A simple measurement in CQ -> CQ target for measurement mapping should suffice and be O(1)
for queries looking for CQ targets of a measurement, though not sure how memory intensive that will be on large datasets.
Just to make sure I clarify, everything I said is currently brainstorming of what I would like to see and discussing the feature. I'll admit that my current ideas are a bit lofty so while we'll try our best, there are no guarantees that everything I say will be the end result of what we do.
My idea for gaps in the CQ-filled data was partially related to the hot/cold shard idea. A hot shard will end up being defined per-CQ rather than just the shard being hot or cold. So for a specific CQ mapping, the shard is hot if the shard has been written to more recently than the CQ has run. We might also want to have a cool off period so we aren't switching between hot or cold and to also allow the CQ to not be running constantly. It would likely not be feasible to have the CQ running constantly on shards that are currently under heavy write load anyway. An in-memory buffer would work better if we want to do those anyway.

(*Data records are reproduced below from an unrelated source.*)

(* Let $G$ be a finite, simple, connected graph and let $k\geq 3$ be an integer. Then $$\gamma_{B_k}(G)=\min\{\gamma_{B_k}(T)\colon T \text{ is a spanning tree of } G\}.$$
   Context: $d(u,v)$ denotes the distance in the graph. For a connected graph $G$ and an integer $k\ge 1$, a function $f\colon V(G)\to\{0,1,\dots,k\}$ is a dominating $k$-broadcast on $G$ if for every $u\in V(G)$ there is a vertex $v$ with $f(v)\geq 1$ and $d(u,v)\leq f(v)$. Its cost is $\omega(f)=\sum_{u\in V(G)}f(u)$, and the dominating $k$-broadcast number $\gamma_{B_k}(G)$ is the minimum cost of a dominating $k$-broadcast on $G$. *)

From mathcomp Require Import all_boot.
From mathcomp Require Import boolp.
Set Implicit Arguments. Unset Strict Implicit. Unset Printing Implicit Defensive.

Section Graphs.
Variable V : finType.

Definition simple_graph (e : rel V) : Prop :=
  symmetric e /\ irreflexive e.

Definition connected (e : rel V) : Prop := forall u v : V, connect e u v.

(* a cycle: distinct vertices x :: p (at least 3 of them) forming a closed walk *)
Definition acyclic (e : rel V) : Prop :=
  ~ exists (x : V) (p : seq V),
      [/\ 2 <= size p, uniq (x :: p), path e x p & e (last x p) x].

Definition is_tree (e : rel V) : Prop :=
  simple_graph e /\ connected e /\ acyclic e.

Definition spanning_tree (e t : rel V) : Prop :=
  is_tree t /\ subrel t e.

(* within e u v n  <->  d(u,v) <= n : there is a walk from u to v with at most n edges *)
Definition within (e : rel V) (u v : V) (n : nat) : Prop :=
  exists p : seq V, [/\ path e u p, last u p = v & size p <= n].

Definition dom_broadcast (e : rel V) (k : nat) (f : {ffun V -> 'I_k.+1}) : Prop :=
  forall u : V, exists v : V, 1 <= f v /\ within e u v (f v).

Definition cost (k : nat) (f : {ffun V -> 'I_k.+1}) : nat := \sum_(u : V) (f u : nat).

(* The default
   #|V| * k is an upper bound for every cost, so whenever a dominating
   k-broadcast exists (e.g. for connected graphs) this is the true minimum. *)
Definition gammaB (e : rel V) (k : nat) : nat :=
  \big[minn/#|V| * k]_(f : {ffun V -> 'I_k.+1} | `[< dom_broadcast e f >]) cost f.
End Graphs.

From mathcomp Require Import all_boot order boolp zify.
Set Implicit Arguments. Unset Strict Implicit. Unset Printing Implicit Defensive.

(* A broadcast dominating a spanning tree dominates the graph, so only
   gamma(T) <= gamma(G) for some spanning tree T needs an argument.  Fix an
   optimal dominating broadcast f of G.  For a connected spanning subgraph H,
   let the surplus s(u) be the largest f(v) - d_H(u, v) over broadcasting v
   whose range contains u.  Joining each vertex to a neighbour of strictly
   larger surplus, when there is one, gives a forest along which every vertex
   climbs to a broadcasting vertex that still covers it: at a vertex whose
   neighbours have no larger surplus, the surplus is realised by the vertex
   itself.  On a cycle of H, the vertex of least surplus has at most one
   forest edge among its two cycle edges, so the other one can be deleted,
   keeping H connected and f dominating.  Deleting edges until no cycle is
   left yields a spanning tree on which f still dominates. *)

Section Graphs.
Variable V : finType.
Implicit Types (e t F : rel V) (u v w y z : V).

Lemma within_sub e1 e2 u v n : subrel e1 e2 -> within e1 u v n -> within e2 u v n.
Proof. by move=> e12 [p [ep pv p_le]]; exists p; split=> //; apply: sub_path ep. Qed.

Lemma within_leq e u v m n : m <= n -> within e u v m -> within e u v n.
Proof. by move=> mn [p [ep pv p_le]]; exists p; split=> //; apply: leq_trans mn. Qed.

Lemma dom_broadcast_sub e1 e2 k (f : {ffun V -> 'I_k.+1}) :
  subrel e1 e2 -> dom_broadcast e1 f -> dom_broadcast e2 f.
Proof.
by move=> e12 dom u; have [v [fv uv]] := dom u; exists v; split; last exact: within_sub uv.
Qed.

Definition del_edge t y z : rel V :=
  fun u w => t u w && ~~ (((u == y) && (w == z)) || ((u == z) && (w == y))).

Definition arc_set t : {set V * V} := [set p | t p.1 p.2].

Lemma del_edge_sub t y z : subrel (del_edge t y z) t.
Proof. by move=> u w /andP[]. Qed.

Lemma del_edge_sym t y z : symmetric t -> symmetric (del_edge t y z).
Proof.
move=> tsym u w; rewrite /del_edge tsym; congr (_ && ~~ _).
by rewrite orbC [X in X || _]andbC [X in _ || X]andbC.
Qed.

Lemma del_edge_other t y z w : t y w -> w != z -> del_edge t y z y w.
Proof.
move=> tyw wz; rewrite /del_edge tyw eqxx (negbTE wz) /=.
by apply/negP => /andP[/eqP-> /eqP wy]; rewrite wy eqxx in wz.
Qed.

Lemma subrel_del_edge F t y z :
  subrel F t -> ~~ F y z -> ~~ F z y -> subrel F (del_edge t y z).
Proof.
move=> Ft Fyz Fzy u w Fuw; rewrite /del_edge Ft //=.
by apply/negP => /orP[] /andP[/eqP eu /eqP ew]; subst u w; rewrite Fuw in Fyz Fzy.
Qed.

Lemma card_del_edge t y z : t y z -> #|arc_set (del_edge t y z)| < #|arc_set t|.
Proof.
move=> tyz; apply: proper_card; apply/properP; split.
  by apply/subsetP => p; rewrite !inE => /del_edge_sub.
by exists (y, z); rewrite !inE //= /del_edge tyz !eqxx.
Qed.

Lemma connected_del_edge t y z :
  symmetric t -> connected t -> connect (del_edge t y z) y z ->
  connected (del_edge t y z).
Proof.
move=> tsym tconn yz u v; apply: connect_sub (tconn u v) => a b tab.
case dab: (del_edge t y z a b); first exact: connect1.
move: dab; rewrite /del_edge tab /= => /negbFE /orP[] /andP[/eqP-> /eqP->] //.
by rewrite (sym_connect_sym (del_edge_sym y z tsym)).
Qed.

Lemma path_del_edge t y z a q :
  y \notin a :: q -> path t a q -> path (del_edge t y z) a q.
Proof.
move=> yNaq; apply: (@sub_in_path _ (predC1 y)).
  by move=> u w /= uy wy tuw; rewrite /del_edge tuw (negbTE uy) (negbTE wy) andbF.
by apply/allP => u /=; apply: contraTneq => ->.
Qed.

Lemma cycle_detour t y q :
  cycle t (y :: q) -> uniq (y :: q) -> 2 <= size q ->
  exists a q', [/\ q = a :: q', t y a, t (last a q') y, a != last a q' & path t a q'].
Proof.
case: q => [|a [|c q']] //= cyc /and3P[_ aNq _] _.
move: cyc; rewrite rcons_path /= => /and3P[tya tac /andP[tq' tlast]].
exists a, (c :: q'); split=> //=; last by rewrite tac.
by apply: contraNneq aNq => ->; exact: mem_last.
Qed.

Lemma exists_cycle_edge_outside t F (s : V -> nat) (p : V -> V) :
  symmetric t -> (forall y a, F y a -> s y <= s a -> a = p y) ->
  ~ acyclic t -> exists y z, [/\ t y z, ~~ F y z & connect (del_edge t y z) y z].
Proof.
move=> tsym Fup /contrapT [x [c [c_ge2 uc tc tlast]]].
have [y yc ymin] : exists2 y, y \in x :: c & forall z, z \in x :: c -> s y <= s z.
  by case: (arg_minnP s (mem_head x c)) => y; exists y.
case/rot_to: yc => i q rq.
have cq : cycle t (y :: q) by rewrite -rq rot_cycle /= rcons_path tc tlast.
have uq : uniq (y :: q) by rewrite -rq rot_uniq.
have q_ge2 : 2 <= size q by move: (size_rot i (x :: c)); rewrite rq /= => -[->].
have qmin z : z \in q -> s y <= s z.
  by move=> zq; apply: ymin; rewrite -(mem_rot i) rq inE zq orbT.
have [a [q' [qE tya tby ab tq']]] := cycle_detour cq uq q_ge2.
set b := last a q' in tby ab; subst q.
have detour z : connect (del_edge t y z) a b.
  apply/connectP; exists q' => //; apply: path_del_edge tq'.
  by case/andP: uq.
have [Fya | Fya] := boolP (F y a).
- exists y, b; split; first by rewrite tsym.
  + apply: contra ab => Fyb; apply/eqP.
    have sya : s y <= s a by apply: qmin; exact: mem_head.
    have syb : s y <= s b by apply: qmin; exact: mem_last.
    by rewrite (Fup y a Fya sya) (Fup y b Fyb syb).
  + by apply: connect_trans (connect1 _) (detour b); exact: del_edge_other.
- exists y, a; split=> //; rewrite (sym_connect_sym (del_edge_sym y a tsym)).
  apply: connect_trans (detour a) (connect1 _).
  by rewrite del_edge_sym //; apply: del_edge_other; rewrite 1?tsym // eq_sym.
Qed.

Lemma spanning_tree_by_deletion e (P : rel V -> Prop) :
  simple_graph e -> connected e -> P e ->
  (forall t, symmetric t -> subrel t e -> connected t -> P t -> ~ acyclic t ->
     exists y z, [/\ t y z, connect (del_edge t y z) y z & P (del_edge t y z)]) ->
  exists T, spanning_tree e T /\ P T.
Proof.
move=> [esym eirr] econn Pe shrink.
suff grow t : subrel t e -> symmetric t -> connected t -> P t ->
    exists T, spanning_tree e T /\ P T by apply: (grow e).
have [n] := ubnP #|arc_set t|; elim: n t => // n IH t /ltnSE t_le te tsym tconn Pt.
have [tac | tcyc] := EM (acyclic t).
  exists t; split=> //; split=> //; split=> //; split=> // u.
  by apply/negP => /te; rewrite eirr.
have [y [z [tyz yz Pyz]]] := shrink t tsym te tconn Pt tcyc.
apply: (IH (del_edge t y z)) => //.
- exact: leq_trans (card_del_edge tyz) t_le.
- by move=> u w /del_edge_sub /te.
- exact: del_edge_sym.
- exact: connected_del_edge.
Qed.

End Graphs.

Section SurplusForest.
Variables (V : finType) (k : nat) (t : rel V) (f : {ffun V -> 'I_k.+1}).
Hypotheses (tsym : symmetric t) (fdom : dom_broadcast t f).
Implicit Types (u v w y : V) (x : V * 'I_k.+1).

Definition in_range u x : bool :=
  `[< [/\ 0 < f x.1, x.2 <= f x.1 & within t u x.1 x.2] >].

Definition surplus u : nat := \max_(x | in_range u x) (f x.1 - x.2).

Lemma surplus_ge u x : in_range u x -> f x.1 - x.2 <= surplus u.
Proof. exact: leq_bigmax_cond. Qed.

Lemma surplus_le u : surplus u <= k.
Proof. by apply/bigmax_leqP => x _; rewrite -ltnS (leq_ltn_trans (leq_subr _ _)). Qed.

Lemma surplus_attained u : exists2 x, in_range u x & surplus u = f x.1 - x.2.
Proof.
have [v [fv_gt0 uv]] := fdom u.
have uv_in : in_range u (v, f v) by apply/asboolP; split.
rewrite /surplus (bigmax_eq_arg _ uv_in).
by case: arg_maxnP => // x ux _; exists x.
Qed.

(* A walk of positive length from u to the broadcaster realising the surplus
   of u would start at a neighbour of strictly larger surplus. *)
Lemma surplus_local_max u :
  (forall w, t u w -> surplus w <= surplus u) -> 0 < f u /\ surplus u = f u.
Proof.
move=> umax; have [[v n] /asboolP[/= fv_gt0 n_le [p [tp pv p_le]]] su] := surplus_attained u.
case: p tp pv p_le => [_ /= vu _ | w p /= /andP[tuw tp] pv p_le].
  subst v; split=> //; apply/eqP; rewrite eqn_leq {1}su leq_subr /=.
  have uu_in : in_range u (u, ord0) by apply/asboolP; split=> //; exists [::].
  by have := surplus_ge uu_in; rewrite subn0.
have n1_lt : n.-1 < k.+1 by rewrite ltnS (leq_trans (leq_pred n)) // -ltnS.
have wv_in : in_range w (v, inord n.-1).
  apply/asboolP; rewrite /= inordK //.
  by split=> //; [apply: leq_trans (leq_pred n) n_le | exists p; split=> //; lia].
have := surplus_ge wv_in; rewrite /= inordK //.
by have := umax w tuw; lia.
Qed.

Definition parent u : V :=
  if [pick w | t u w && (surplus u < surplus w)] is Some w then w else u.

Lemma parent_up u : parent u != u -> t u (parent u) /\ surplus u < surplus (parent u).
Proof. by rewrite /parent; case: pickP => [w /andP[]|_]; rewrite ?eqxx. Qed.

Lemma parent_root u : parent u = u -> forall w, t u w -> surplus w <= surplus u.
Proof.
rewrite /parent; case: pickP => [w /andP[_ lt] wu | none _ w tuw].
  by rewrite wu ltnn in lt.
by have := none w; rewrite tuw /= => /negbT; rewrite -leqNgt.
Qed.

Definition surplus_forest : rel V :=
  fun u w => (u != w) && ((w == parent u) || (u == parent w)).

Lemma surplus_forest_sym : symmetric surplus_forest.
Proof. by move=> u w; rewrite /surplus_forest eq_sym orbC. Qed.

Lemma surplus_forest_sub : subrel surplus_forest t.
Proof.
move=> u w /andP[uw /orP[] /eqP E].
  have pu : parent u != u by rewrite -E eq_sym.
  by rewrite E; case: (parent_up pu).
have pw : parent w != w by rewrite -E.
by rewrite tsym E; case: (parent_up pw).
Qed.

Lemma surplus_forest_up y a : surplus_forest y a -> surplus y <= surplus a -> a = parent y.
Proof.
case/andP=> ya /orP[/eqP // | /eqP yE le].
have pa : parent a != a by rewrite -yE.
by have [_] := parent_up pa; rewrite -yE ltnNge le.
Qed.

Lemma surplus_forest_parent u : parent u != u -> surplus_forest u (parent u).
Proof. by move=> pu; rewrite /surplus_forest eq_sym pu eqxx. Qed.

Lemma surplus_forest_reaches_source u :
  exists r, [/\ 0 < f r, surplus u <= f r & within surplus_forest u r (f r - surplus u)].
Proof.
have [n] := ubnP (k - surplus u); elim: n u => // n IH u /ltnSE u_le.
have [pu | pu] := eqVneq (parent u) u.
  have [fu_gt0 ->] := surplus_local_max (parent_root pu).
  by exists u; split=> //; exists [::]; rewrite subnn.
have [_ lt] := parent_up pu.
have [|r [fr_gt0 pr [p [fp pE p_le]]]] := IH (parent u).
  by have := surplus_le (parent u); lia.
exists r; split=> //; first lia.
exists (parent u :: p); split=> /=; [by rewrite surplus_forest_parent | by [] | lia].
Qed.

Lemma dom_broadcast_surplus_forest : dom_broadcast surplus_forest f.
Proof.
move=> u; have [r [fr_gt0 _ ur]] := surplus_forest_reaches_source u.
by exists r; split; last exact: within_leq (leq_subr _ _) ur.
Qed.

End SurplusForest.

Lemma spanning_tree_dominated (V : finType) (e : rel V) k (f : {ffun V -> 'I_k.+1}) :
  simple_graph e -> connected e -> dom_broadcast e f ->
  exists T, spanning_tree e T /\ dom_broadcast T f.
Proof.
move=> simple conn fdom; apply: spanning_tree_by_deletion => // t tsym _ _ tdom cyc.
have [y [z [tyz Fyz yz]]] := exists_cycle_edge_outside tsym (@surplus_forest_up _ _ t f) cyc.
exists y, z; split=> //; apply: dom_broadcast_sub (dom_broadcast_surplus_forest tdom).
apply: subrel_del_edge => //; first exact: surplus_forest_sub.
by rewrite surplus_forest_sym.
Qed.

Section BroadcastNumber.
Import Order.TTheory.
Variables (V : finType) (k : nat).
Implicit Types (e : rel V) (f : {ffun V -> 'I_k.+1}).

Lemma cost_le f : cost f <= #|V| * k.
Proof.
rewrite /cost -sum_nat_const; apply: leq_sum => u _.
by rewrite -ltnS.
Qed.

Lemma gammaB_le_cost e f : dom_broadcast e f -> gammaB e k <= cost f.
Proof.
move=> fdom; rewrite /gammaB -minEnat.
by apply: (@bigmin_le_cond _ nat); apply/asboolP.
Qed.

Lemma gammaB_attained e :
  0 < k -> exists2 f : {ffun V -> 'I_k.+1}, dom_broadcast e f & gammaB e k = cost f.
Proof.
move=> k_gt0; pose one : {ffun V -> 'I_k.+1} := [ffun=> inord 1].
have one_dom : `[< dom_broadcast e one >].
  by apply/asboolP => u; exists u; rewrite ffunE inordK //; split=> //; exists [::].
rewrite /gammaB -minEnat (@bigmin_eq_arg _ nat _ _ one _ (@cost V k) one_dom).
  by case: arg_minP => // g /asboolP gdom _; exists g.
by move=> g _; exact: cost_le.
Qed.

End BroadcastNumber.

Theorem theorem2 (V : finType) (e : rel V) (k : nat) :
  simple_graph e -> connected e -> 3 <= k ->
  (exists t : rel V, spanning_tree e t /\ gammaB t k = gammaB e k) /\
  (forall t : rel V, spanning_tree e t -> gammaB e k <= gammaB t k).
Proof.
move=> simple conn k_ge3; have k_gt0 : 0 < k by apply: leq_trans k_ge3.
have tree_ge t : spanning_tree e t -> gammaB e k <= gammaB t k.
  move=> [_ te]; have [g gdom ->] := gammaB_attained t k_gt0.
  exact/gammaB_le_cost/(dom_broadcast_sub te).
split=> //.
have [f fdom opt] := gammaB_attained e k_gt0.
have [T [eT Tdom]] := spanning_tree_dominated simple conn fdom.
exists T; split=> //; apply/eqP; rewrite eqn_leq tree_ge // andbT opt.
exact: gammaB_le_cost.
Qed.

Under that idea, that means that old shards (which we presume wouldn't be actively written to) would commonly have the CQ for the entire interval run and then have the data written by the CQ be queried instead. If you then write some historical data, the shard may become hot again and it would query the actual shard rather than the retention policy written to by the CQ. That is, until the CQ could be run again. We don't want to be too aggressive in running CQs because it is reasonable to believe that a person writing data to one shard may write more data to that shard shortly.
I don't think the index will be too big of a deal personally. It's just necessary to say that it will probably be needed. A lot of what I'm writing are also personal notes for myself.
Isn't this the most basic and most important feature of a metrics database? I was looking at influxdb and i'm shocked that this is not part of release candidate 0.0.1. Honestly this is what rrdtool has been used for forever and if I just wanted to store all the metrics individually without roll-ups, I'd just write them to flat files.
Really hoping InfluxDB decides to prioritize this feature.
Is there any progress with this issue? Currently it's not possible to do a longer term downsampled data in influxdb:-(
This feature is high priority, but making it work at scale without killing performance is very tricky. In the meantime our recommendation is to use Kapacitor to aggregate your data into other retention policies like in this example: https://docs.influxdata.com/kapacitor/v1.3/guides/continuous_queries/
I know that many people in the comments here have already tried to voice what it is exactly what they expect, but I feel it's often not clear enough, I think. To me this issue basically touches upon 2 lacking functionalities in InfluxDB that currently stop me from using InfluxDB:
Let's say we're storing some data about cpu usage in InfluxDB. We storing data every second. But in the long run, this fine granularity is not needed for us to get a clear picture about how our cpu behaves. So now we create a Continuous Query that downsamples the data that is older than 5 minutes to 1 datapoint per minute. We create another CQ so that all data that is older than 1 hour is downsampled to 1 point per 5 minutes. When I query InfluxDB for this data, I don't want to have to care about which tables I need to select and combine. I just want to be able to select on the original table, and have InfluxDB do 2 things:
So TLDR: user creates rollups, upon querying, InfluxDB can automatically combine data from original table, with rollups, based on the requested time window, and make sure data is grouped by a window that is supported by all rollups.
(24 * 30 * 60) / 5 = 8640
datapoints. This might still be way more than is needed do draw a proper graph in Grafana. So I should be able to "downsample" in my query, to return less datapoints. Note: this is different from the automatic grouping that InfluxDB should do as per issue 1, to support the finest granularity as supported by all rollups in the queried window. Also, this "sample granularity" should be provided by the client (ie. Grafana), because only the client knows how it's going to display the data. If we zoom in in Grafana, it should fire a new query, for a new time window, while probably asking for the same amount of datapoints.Issue 1 more important to me, and is beautifully done by Graphite, so I don't think it's a stretch to request that InfluxDB supports this to. Issue 2 is less important to me, but still necessary to guarantee better performance in frontends that visualise data from InfluxDB (like Grafana).
Maybe both issues should lead to a query like this:
select mean(value) from cpu group by time(auto) sample for 10 per 1d
When doing this query, InfluxDB should:
cpu
, because no time window is specified)time(auto)
relates to issue 1 and sample for 10 per 1d
relates to issue 2
My 2 cents, hope this helps!
Exactly what @DandyDev said. This is the only leg up Graphite has over InfluxDB and it's a major one.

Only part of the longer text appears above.